Lemma sqr_sum_le_weighted (R : realFieldType) (m : nat) (w d : nat -> R) :
  (forall j, (j < m)%N -> 0 < w j) ->
  (\sum_(0 <= j < m) d j) ^+ 2 <=
  (\sum_(0 <= j < m) (w j)^-1) * \sum_(0 <= j < m) w j * d j ^+ 2.
Proof.
case: m => [|m] w_gt0; first by rewrite !big_geq // expr0n mul0r.
set T := \sum_(0 <= j < m.+1) (w j)^-1.
set D := \sum_(0 <= j < m.+1) d j.
set S := \sum_(0 <= j < m.+1) w j * d j ^+ 2.
have T_gt0 : 0 < T.
  rewrite /T big_nat_recr //= ltr_wpDl ?invr_gt0 ?w_gt0 //.
  rewrite big_nat_cond sumr_ge0 // => j /andP[/andP[_ /ltnW/w_gt0]].
  by rewrite invr_ge0 => /ltW.
have sos : \sum_(0 <= j < m.+1) w j * (T * d j - D / w j) ^+ 2 = T * (T * S - D ^+ 2).
  transitivity (\sum_(0 <= j < m.+1)
      (T ^+ 2 * (w j * d j ^+ 2) - 2 * T * D * d j + D ^+ 2 * (w j)^-1)).
    by apply: eq_big_nat => j /andP[_ /w_gt0 /lt0r_neq0 wj_neq0]; field.
  by rewrite !big_split /= sumrN -!mulr_sumr -/T -/D -/S; ring.
have : 0 <= T * (T * S - D ^+ 2).
  rewrite -sos big_nat_cond sumr_ge0 // => j /andP[/andP[_ /w_gt0/ltW wj_ge0] _].
  by rewrite mulr_ge0 ?sqr_ge0.
by rewrite pmulr_rge0 // subr_ge0.
Qed.

Lemma sum_sqr_diff (R : comNzRingType) (b : nat -> R) (n : nat) : b n ^+ 2 = b 0 ^+ 2 ->
  \sum_(0 <= j < n) (b j.+1 - b j) ^+ 2 =
  2 * (\sum_(0 <= j < n) b j ^+ 2 - \sum_(0 <= j < n) b j * b j.+1).
Proof.
move=> bn_sqr.
rewrite (eq_bigr (fun j => (b j.+1 ^+ 2 - b j ^+ 2) + 2 * (b j ^+ 2 - b j * b j.+1)));
  last by move=> j _; ring.
by rewrite big_split /= telescope_sumr // bn_sqr subrr add0r -mulr_sumr sumrB.
Qed.

Lemma periodic_sum_mul_le (R : realDomainType) (b : nat -> R) (n : nat) : b n = b 0 ->
  \sum_(0 <= j < n) b j * b j.+1 <= \sum_(0 <= j < n) b j ^+ 2.
Proof.
move=> bn; rewrite -subr_ge0 -(pmulr_rge0 _ (ltr0n R 2)).
rewrite -sum_sqr_diff ?bn // sumr_ge0 // => j _; apply: sqr_ge0.
Qed.

Lemma sqr_diff_picone (R : fieldType) (b0 b1 v0 v1 : R) : v0 != 0 -> v1 != 0 ->
  (b1 - b0) ^+ 2 =
  v0 * v1 * (b1 / v1 - b0 / v0) ^+ 2 + b0 ^+ 2 * (1 - v1 / v0) + b1 ^+ 2 * (1 - v0 / v1).
Proof. by move=> v0_neq0 v1_neq0; field; rewrite v0_neq0 v1_neq0. Qed.

Section AntiperiodicSequences.
Variables (R : realType) (m : nat).

Let h : R := pi / m.+2%:R.
(* [v j = sin ((j + 1/2) h)] is positive for [j < m.+2] and satisfies
   [v (j - 1) + v (j + 1) = 2 cos h * v j] with antiperiodic boundary values: it is the ground
   state against which the Picone identity [sqr_diff_picone] is taken. *)
Let x (j : nat) : R := (j%:R + 2^-1) * h.
Let v (j : nat) : R := sin (x j).
Let ct (j : nat) : R := cos (x j) / v j.

Let h_gt0 : 0 < h.
Proof. by rewrite divr_gt0 ?pi_gt0 ?ltr0n. Qed.

Let x_S j : x j.+1 = x j + h.
Proof. by rewrite /x -natr1; ring. Qed.

Let x0 : x 0 = h / 2.
Proof. by rewrite /x add0r mulrC. Qed.

Let x_last : x m.+1 = pi - h / 2.
Proof.
have : m.+1%:R + 1 != 0 :> R by rewrite natr1 pnatr_eq0.
by rewrite /x /h -[m.+2%:R]natr1; move: (m.+1%:R) => k k_neq0; field.
Qed.

Let v_gt0 j : (j < m.+2)%N -> 0 < v j.
Proof.
move=> lt_jm; have pi_gt0 := pi_gt0 R; have j_ge0 : (0 : R) <= j%:R by [].
have jm : (j%:R : R) + 1 <= m.+2%:R by rewrite -natr1 lerD2r ler_nat.
apply: sin_gt0_pi; apply/andP; split; first by rewrite mulr_gt0 ?h_gt0 //; lra.
by rewrite /x /h mulrA ltr_pdivrMr ?ltr0n //; nra.
Qed.

Let v_neq0 j : (j < m.+2)%N -> v j != 0.
Proof. by move/v_gt0/lt0r_neq0. Qed.

Let sin_h_gt0 : 0 < sin h.
Proof.
have : h <= pi / 2.
  by rewrite ler_pM2l ?pi_gt0 // lef_pV2 ?posrE ?ler_nat ?ltr0n.
by have := pi_gt0 R; have := h_gt0; move=> *; apply: sin_gt0_pi; apply/andP; split; lra.
Qed.

Let v_ratio_up j : (j < m.+1)%N -> v j.+1 / v j = cos h + sin h * ct j.
Proof. by move=> /ltnW/(@v_neq0 j) vj_neq0; rewrite /ct /v x_S sinD; field. Qed.

Let v_ratio_down j : (j < m.+1)%N -> v j / v j.+1 = cos h - sin h * ct j.+1.
Proof.
move=> lt_jm; have vj1_neq0 := @v_neq0 j.+1 lt_jm; rewrite /ct /v.
have -> : x j = x j.+1 - h by rewrite x_S addrK.
by rewrite sinB; field.
Qed.

Let inv_weight_telescope j : (j < m.+1)%N -> (v j * v j.+1)^-1 = (ct j - ct j.+1) / sin h.
Proof.
move=> lt_jm; have vj_neq0 := @v_neq0 j (ltnW lt_jm); have vj1_neq0 := @v_neq0 j.+1 lt_jm.
have sin_h : sin h = v j.+1 * cos (x j) - cos (x j.+1) * v j.
  by rewrite -sinB x_S addrAC subrr add0r.
have := lt0r_neq0 sin_h_gt0; rewrite /ct sin_h => sin_h_neq0.
by field; rewrite vj_neq0 vj1_neq0 sin_h_neq0.
Qed.

Let v_last : v m.+1 = v 0.
Proof. by rewrite /v x_last x0 sinB sinpi cospi; ring. Qed.

Let ct_last : ct m.+1 = - ct 0.
Proof. by rewrite /ct v_last x_last x0 cosB sinpi cospi; rewrite /v x0; ring. Qed.

Let sin_h_half : sin h = 2 * v 0 * cos (x 0).
Proof. by rewrite /v x0 {1}(splitr h) sinD; ring. Qed.

Let sin_h_ct0 : sin h * ct 0 = 1 + cos h.
Proof.
have v0_neq0 : v 0 != 0 by apply: v_neq0.
rewrite /ct sin_h_half {1}(splitr h) cosD -x0 -expr2 -/(v 0) -[sin _ * sin _]expr2.
by rewrite -/(v 0) [v 0 ^+ 2]sin2cos2; field.
Qed.

Let sum_inv_weights : \sum_(0 <= j < m.+1) (v j * v j.+1)^-1 = (v 0 ^+ 2)^-1.
Proof.
have v0_neq0 : v 0 != 0 by apply: v_neq0.
have c0_neq0 : cos (x 0) != 0.
  by have := sin_h_gt0; rewrite sin_h_half pmulr_rgt0 ?mulr_gt0 ?v_gt0 // => /lt0r_neq0.
rewrite (telescope_sumr_eq (fun j => - ct j / sin h)) //;
  last by move=> j /andP[_ /inv_weight_telescope ->]; ring.
by rewrite ct_last sin_h_half /ct; field; rewrite v0_neq0 c0_neq0.
Qed.
Lemma is_derive_g_tc : is_derive (g k) tc (- (k * tc) / g_in tc).
Proof.
  pose proof tc_pos. pose proof ginf_pos. pose proof k_tc_sq. pose proof ginf_sq.
  apply (is_derive_glue _ g_in g_out tc _ tc); auto.
  - intros y Hy. apply g_inner, Rabs_le. lra.
  - intros y Hy. rewrite g_outer; rewrite Rabs_right; auto; lra.
  - apply is_derive_g_in. rewrite Rabs_right; lra.
  - replace (- (k * tc) / g_in tc) with (- (g_out tc - ginf) / tc).
    + apply is_derive_g_out. lra.
    + rewrite g_in_tc, g_out_tc. field_simplify_eq; [nra | lra].
Qed.

Lemma ex_derive_g (t : R) : ex_derive (g k) t.
Proof.
  assert (Hpos : forall t, 0 <= t -> ex_derive (g k) t).
  { clear t. intros t Ht. destruct (Rtotal_order t tc) as [Hlt | [-> | Hgt]].
    - eexists. apply is_derive_g_inner. rewrite Rabs_right; lra.
    - eexists. apply is_derive_g_tc.
    - eexists. apply is_derive_g_outer. lra. }
  destruct (Rle_dec 0 t); auto.
  apply (ex_derive_ext (fun y => g k (- y))); [apply g_opp|].
  apply ex_derive_comp; [apply Hpos; lra | auto_derive; auto].
Qed.

Lemma ex_RInt_g (u v : R) : ex_RInt (g k) u v.
Proof.
  apply (@ex_RInt_continuous R_CompleteNormedModule). intros z _.
  apply (@ex_derive_continuous R_AbsRing R_NormedModule), ex_derive_g.
Qed.

Lemma G_0 : G k 0 = 0.
Proof. unfold G. rewrite RInt_point. reflexivity. Qed.
(* Let $n\ge1$ and $T_n=T(x_1\dots x_n,k)$ with $x_1,\dots,x_n$ i.i.d. uniform on $\{B,b,R,r\}$ and $k$ uniform on $\{1,\dots,n\}$ (independent). Then for each $j\in\{1,\dots,n\}$, each vertex $v$ of the $j$-th face of $T_n$ (the triangle created at step $j$), and each $m\ge1$, $$\mathbb P[\deg(v)\ge m]\le 2\left(\tfrac34\right)^{m/4}.$$
   Context: Necklace construction (Sheffield). Given a finite word $X=x_1\dots x_n$ in $\{B,b,R,r\}$, build inductively disc triangulations $D_0\subset\dots\subset D_n$ in the closed upper half-plane with blue/red vertices and an active edge with blue endpoint $b_j$ and red endpoint $r_j$; initially non-positive integers are blue, positive integers red, $b_0=0,r_0=1$. Step according to $x_{j+1}$: (B) new blue vertex $b_{j+1}$, triangle $(b_j,r_j,b_{j+1})$, $r_{j+1}=r_j$; (R) new red vertex $r_{j+1}$, triangle $(b_j,r_j,r_{j+1})$, $b_{j+1}=b_j$; (b) $b_{j+1}$ = counterclockwise boundary neighbour of $b_j$ (or $m-1$, adding edge $[m-1,m]$, if $b_j=m\in\mathbb Z$), triangle $(b_{j+1},b_j,r_j)$, $r_{j+1}=r_j$; (r) $r_{j+1}$ = clockwise boundary neighbour of $r_j$ (or $m+1$, adding $[m,m+1]$, if $r_j=m\in\mathbb Z$), triangle $(b_j,r_j,r_{j+1})$, $b_{j+1}=b_j$. $T_+(X)$ is $D_n$ rooted at the first triangle constructed; $T(X,k)$ is $T_+(X)$ rerooted at the triangle created at step $k$. $\deg(v)$ is the degree of $v$ in the graph of $T_n$. *)

From Stdlib Require Import Reals.
From HB Require Import structures.
From mathcomp Require Import all_boot all_order all_algebra.

Set Implicit Arguments.
Unset Strict Implicit.
Unset Printing Implicit Defensive.

Inductive letter := LB | Lb | LR | Lr.

Definition letter_code (x : letter) : bool * bool :=
  match x with LB => (true, true) | Lb => (true, false)
             | LR => (false, true) | Lr => (false, false) end.
Definition letter_decode (c : bool * bool) : letter :=
  match c with (true, true) => LB | (true, false) => Lb
             | (false, true) => LR | (false, false) => Lr end.
Lemma letter_codeK : cancel letter_code letter_decode.
Proof. by case. Qed.
HB.instance Definition _ := Finite.copy letter (can_type letter_codeK).

(* Vertices: the integers (initial vertices on the real line; non-positive
   ones blue, positive ones red) and the vertex VNew j created at step j. *)
Inductive vtx := VInt of int | VNew of nat.

Definition vtx_code (v : vtx) : int + nat :=
  match v with VInt z => inl z | VNew k => inr k end.
Definition vtx_decode (c : int + nat) : vtx :=
  match c with inl z => VInt z | inr k => VNew k end.
Lemma vtx_codeK : cancel vtx_code vtx_decode.
Proof. by case. Qed.
HB.instance Definition _ := Equality.copy vtx (can_type vtx_codeK).

(* State of the necklace construction after j steps (the disc
   triangulation D_j).  The boundary of the unbounded complementary region
   of D_j in the closed upper half-plane is
      ... , bint-2, bint-1, bint, rev bstk | rstk, rint, rint+1, ...
   read from -oo to +oo: the blue endpoint of the active edge is the head of
   [bstk ++ (bint, bint-1, ...)], its counterclockwise boundary neighbour is
   the next element; symmetrically for red with rstk / rint (clockwise).
   [edges] is the list (with multiplicity) of edges of D_j, [faces] the list
   of triangles in order of creation. *)
Record state := State {
  bstk : seq vtx; bint : int;
  rstk : seq vtx; rint : int;
  edges : seq (vtx * vtx);
  faces : seq (vtx * vtx * vtx) }.

Definition init_state : state :=
  State [::] 0%Z [::] 1%Z [:: (VInt 0%Z, VInt 1%Z)] [::].

Definition blue_end (s : state) : vtx := head (VInt (bint s)) (bstk s).
Definition red_end (s : state) : vtx := head (VInt (rint s)) (rstk s).
(* Let $\gamma:I\to\mathcal S$ be a Legendrian curve whose stress density vanishes identically, and let $t_*\in I$ with $a(t_* )=0$. Then $a^{(n)}(t_* )=0$ for every $n\ge0$.
   Context: Let $\mathbb C^{2,1}$ denote $\mathbb C^3$ with the pseudo-Hermitian form $\langle z,w\rangle=i(\bar z^1w^3-\bar z^3w^1)+\bar z^2w^2$ (conjugate-linear in the first slot); $\mathcal S=\{[z]\in\mathbb{CP}^2:\langle z,z\rangle=0\}$ with contact distribution $\ker\zeta$, $\zeta=-\frac{i}{\bar z^tz}\langle z,dz\rangle|_{T\mathcal S}$. A Legendrian curve is a smooth immersion $\gamma:I\to\mathcal S$ tangent to the contact distribution. A normalized lift is a smooth $\Gamma:I\to\mathbb C^3\setminus\{0\}$ with $\gamma=[\Gamma]$ and $\det(\Gamma,\Gamma',\Gamma'')=i$. The Fubini densities are $a=\mathrm{Im}\langle\Gamma''',\Gamma''\rangle$, $b=\frac12\langle\Gamma'',\Gamma''\rangle$ (independent of the normalized lift). The stress density is $$\begin{aligned}\mathtt t=&\tfrac{4400}{81}aa'^3a''+a^2\big(-\tfrac{400}{27}ba'^3-\tfrac{200}{9}a'a''^2-\tfrac{400}{27}a'^2a'''\big)+a^3\big(\tfrac{25}{3}a'^2b'+\tfrac{50}{3}ba'a''+\tfrac{50}{9}a''a'''+\tfrac{25}{9}a'a^{(4)}\big)\\&+a^4\big(-\tfrac{16}{3}b^2a'-5b'a''-3a'b''-\tfrac{10}{3}ba'''-\tfrac13a^{(5)}\big)+a^5\big(8bb'+b'''\big)-\tfrac{6160}{243}a'^5.\end{aligned}$$ *)

From Stdlib Require Import Reals.
Open Scope R_scope.

Definition C := (R * R)%type.
Definition Cre (z : C) : R := fst z.
Definition Cim (z : C) : R := snd z.
Definition Cadd (z w : C) : C := (fst z + fst w, snd z + snd w).
Definition Csub (z w : C) : C := (fst z - fst w, snd z - snd w).
Definition Cmul (z w : C) : C :=
  (fst z * fst w - snd z * snd w, fst z * snd w + snd z * fst w).
Definition Cconj (z : C) : C := (fst z, - snd z).
Definition C0 : C := (0, 0).
Definition Ci : C := (0, 1).

Definition V3 := (C * C * C)%type.
Definition c1 (v : V3) : C := fst (fst v).
Definition c2 (v : V3) : C := snd (fst v).
Definition c3 (v : V3) : C := snd v.
Definition Vscale (c : C) (v : V3) : V3 :=
  (Cmul c (c1 v), Cmul c (c2 v), Cmul c (c3 v)).

(** The pseudo-Hermitian form of C^{2,1}, conjugate-linear in the first slot:
    <z,w> = i (conj z1 w3 - conj z3 w1) + conj z2 w2. *)
Definition herm (z w : V3) : C :=
  Cadd (Cmul Ci (Csub (Cmul (Cconj (c1 z)) (c3 w)) (Cmul (Cconj (c3 z)) (c1 w))))
       (Cmul (Cconj (c2 z)) (c2 w)).

Definition det3 (u v w : V3) : C :=
  Csub (Cadd (Cadd (Cmul (c1 u) (Cmul (c2 v) (c3 w)))
                   (Cmul (c1 v) (Cmul (c2 w) (c3 u))))
             (Cmul (c1 w) (Cmul (c2 u) (c3 v))))
       (Cadd (Cadd (Cmul (c1 w) (Cmul (c2 v) (c3 u)))
                   (Cmul (c1 v) (Cmul (c2 u) (c3 w))))
             (Cmul (c1 u) (Cmul (c2 w) (c3 v)))).

Definition is_open_interval (I : R -> Prop) : Prop :=
  (exists x, I x) /\
  (forall x y z, I x -> I z -> x <= y <= z -> I y) /\
  (forall x, I x -> exists eps, 0 < eps /\ forall y, Rabs (y - x) < eps -> I y).

(** D k is the k-th derivative of D 0 on I (so D 0 is smooth on I). *)
Definition deriv_seq (I : R -> Prop) (D : nat -> R -> R) : Prop :=
  forall k x, I x -> derivable_pt_lim (D k) x (D (S k) x).

Definition deriv_seq_V (I : R -> Prop) (G : nat -> R -> V3) : Prop :=
  deriv_seq I (fun k t => Cre (c1 (G k t))) /\
  deriv_seq I (fun k t => Cim (c1 (G k t))) /\
  deriv_seq I (fun k t => Cre (c2 (G k t))) /\
  deriv_seq I (fun k t => Cim (c2 (G k t))) /\
  deriv_seq I (fun k t => Cre (c3 (G k t))) /\
  deriv_seq I (fun k t => Cim (c3 (G k t))).

(** G 0 = Gamma is a normalized lift of a Legendrian curve gamma = [Gamma] : I -> S. *)
Definition normalized_Legendrian_lift (I : R -> Prop) (G : nat -> R -> V3) : Prop :=
  deriv_seq_V I G /\
  (forall t, I t -> G 0%nat t <> (C0, C0, C0)) /\
  (forall t, I t -> herm (G 0%nat t) (G 0%nat t) = C0) /\               (* gamma in S *)
  (forall t, I t -> herm (G 0%nat t) (G 1%nat t) = C0) /\               (* Legendrian: zeta(gamma') = 0 *)
  (forall t, I t -> forall c : C, G 1%nat t <> Vscale c (G 0%nat t)) /\ (* gamma immersion *)
  (forall t, I t -> det3 (G 0%nat t) (G 1%nat t) (G 2%nat t) = Ci).

(** Fubini densities a = Im <Gamma''', Gamma''>, b = 1/2 <Gamma'', Gamma''>
    (the latter is real; we take its real part). *)
Definition fubini_a (G : nat -> R -> V3) (t : R) : R :=
  Cim (herm (G 3%nat t) (G 2%nat t)).
Definition fubini_b (G : nat -> R -> V3) (t : R) : R :=
  / 2 * Cre (herm (G 2%nat t) (G 2%nat t)).

(** Stress density, with A n = a^(n)(t), B n = b^(n)(t). *)
Definition stress (A B : nat -> R) : R :=
  let a := A 0%nat in let a1 := A 1%nat in let a2 := A 2%nat in
  let a3 := A 3%nat in let a4 := A 4%nat in let a5 := A 5%nat in
  let b := B 0%nat in let b1 := B 1%nat in let b2 := B 2%nat in let b3 := B 3%nat in
  4400/81 * a * a1^3 * a2
  + a^2 * (- (400/27) * b * a1^3 - 200/9 * a1 * a2^2 - 400/27 * a1^2 * a3)
  + a^3 * (25/3 * a1^2 * b1 + 50/3 * b * a1 * a2 + 50/9 * a2 * a3 + 25/9 * a1 * a4)
  + a^4 * (- (16/3) * b^2 * a1 - 5 * b1 * a2 - 3 * a1 * b2 - 10/3 * b * a3 - 1/3 * a5)
  + a^5 * (8 * b * b1 + b3)
  - 6160/243 * a1^5.

(* Suppose a vanishes at t0 to some finite order m >= 1, i.e. a^(j)(t0) = 0 for j < m.
   Differentiate the identity stress = 0 exactly 5m - 5 times and evaluate at t0.  Every
   monomial of the stress density containing b has five factors a^(k_i) with k_1 + ... + k_5
   <= 3, so it vanishes to order >= 5m - 3 and drops out; the five pure monomials in a
   (k_1 + ... + k_5 = 5) contribute (5m - 5)! c(m) a^(m)(t0)^5, where
   (m!)^5 c(m) = -(4/243) m (4m^4 + 60m^3 + 315m^2 + 675m + 486) < 0.  Hence a^(m)(t0) = 0,
   and induction on m gives the theorem. *)

From Stdlib Require Import Reals Lra Lia Factorial.
Open Scope R_scope.

Definition dshift (k : nat) (D : nat -> R -> R) : nat -> R -> R := fun n => D (k + n)%nat.
Definition seq_add (D E : nat -> R -> R) : nat -> R -> R := fun n t => D n t + E n t.
Definition seq_scal (c : R) (D : nat -> R -> R) : nat -> R -> R := fun n t => c * D n t.

Fixpoint leibniz (n : nat) (D E : nat -> R -> R) : R -> R :=
  match n with
  | O => fun t => D O t * E O t
  | S n' => fun t => leibniz n' (dshift 1 D) E t + leibniz n' D (dshift 1 E) t
  end.

Definition seq_mul (D E : nat -> R -> R) : nat -> R -> R := fun n => leibniz n D E.

Section DerivSeq.

Variable I : R -> Prop.

Lemma deriv_seq_dshift k D : deriv_seq I D -> deriv_seq I (dshift k D).
Proof.
  intros HD n x Hx. unfold dshift.
  replace (k + S n)%nat with (S (k + n)) by lia. auto.
Qed.

Lemma deriv_seq_add D E : deriv_seq I D -> deriv_seq I E -> deriv_seq I (seq_add D E).
Proof. intros HD HE n x Hx. apply derivable_pt_lim_plus; auto. Qed.

Lemma deriv_seq_scal c D : deriv_seq I D -> deriv_seq I (seq_scal c D).
Proof. intros HD n x Hx. apply derivable_pt_lim_scal; auto. Qed.

Lemma leibniz_derivable n : forall D E, deriv_seq I D -> deriv_seq I E ->
  forall x, I x -> derivable_pt_lim (leibniz n D E) x (leibniz (S n) D E x).
Proof.
  induction n as [|n IH]; intros D E HD HE x Hx.
  - apply derivable_pt_lim_mult; auto.
  - apply derivable_pt_lim_plus; apply IH; auto using deriv_seq_dshift.
Qed.

Lemma deriv_seq_mul D E : deriv_seq I D -> deriv_seq I E -> deriv_seq I (seq_mul D E).
Proof. intros HD HE n. apply leibniz_derivable; auto. Qed.

Lemma deriv_seq_identically_zero D : is_open_interval I -> deriv_seq I D ->
  (forall t, I t -> D O t = 0) -> forall n t, I t -> D n t = 0.
Proof.
  intros [_ [_ Hopen]] HD H0 n. induction n as [|n IH]; intros t Ht; auto.
  destruct (Hopen t Ht) as [eps [Heps Hball]].
  apply (uniqueness_limite (D n) t); auto.
  apply (derivable_pt_lim_locally_ext (fct_cte 0) (D n) t (t - eps) (t + eps)); [lra| |].
  - intros z Hz. symmetry. apply IH, Hball, Rabs_def1; lra.
  - apply derivable_pt_lim_const.
Qed.

End DerivSeq.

____________

What to work on>
Look through the entries above; find each line with the word "five" and copy it.

Response box>
   monomial of the stress density containing b has five factors a^(k_i) with k_1 + ... + k_5
   <= 3, so it vanishes to order >= 5m - 3 and drops out; the five pure monomials in a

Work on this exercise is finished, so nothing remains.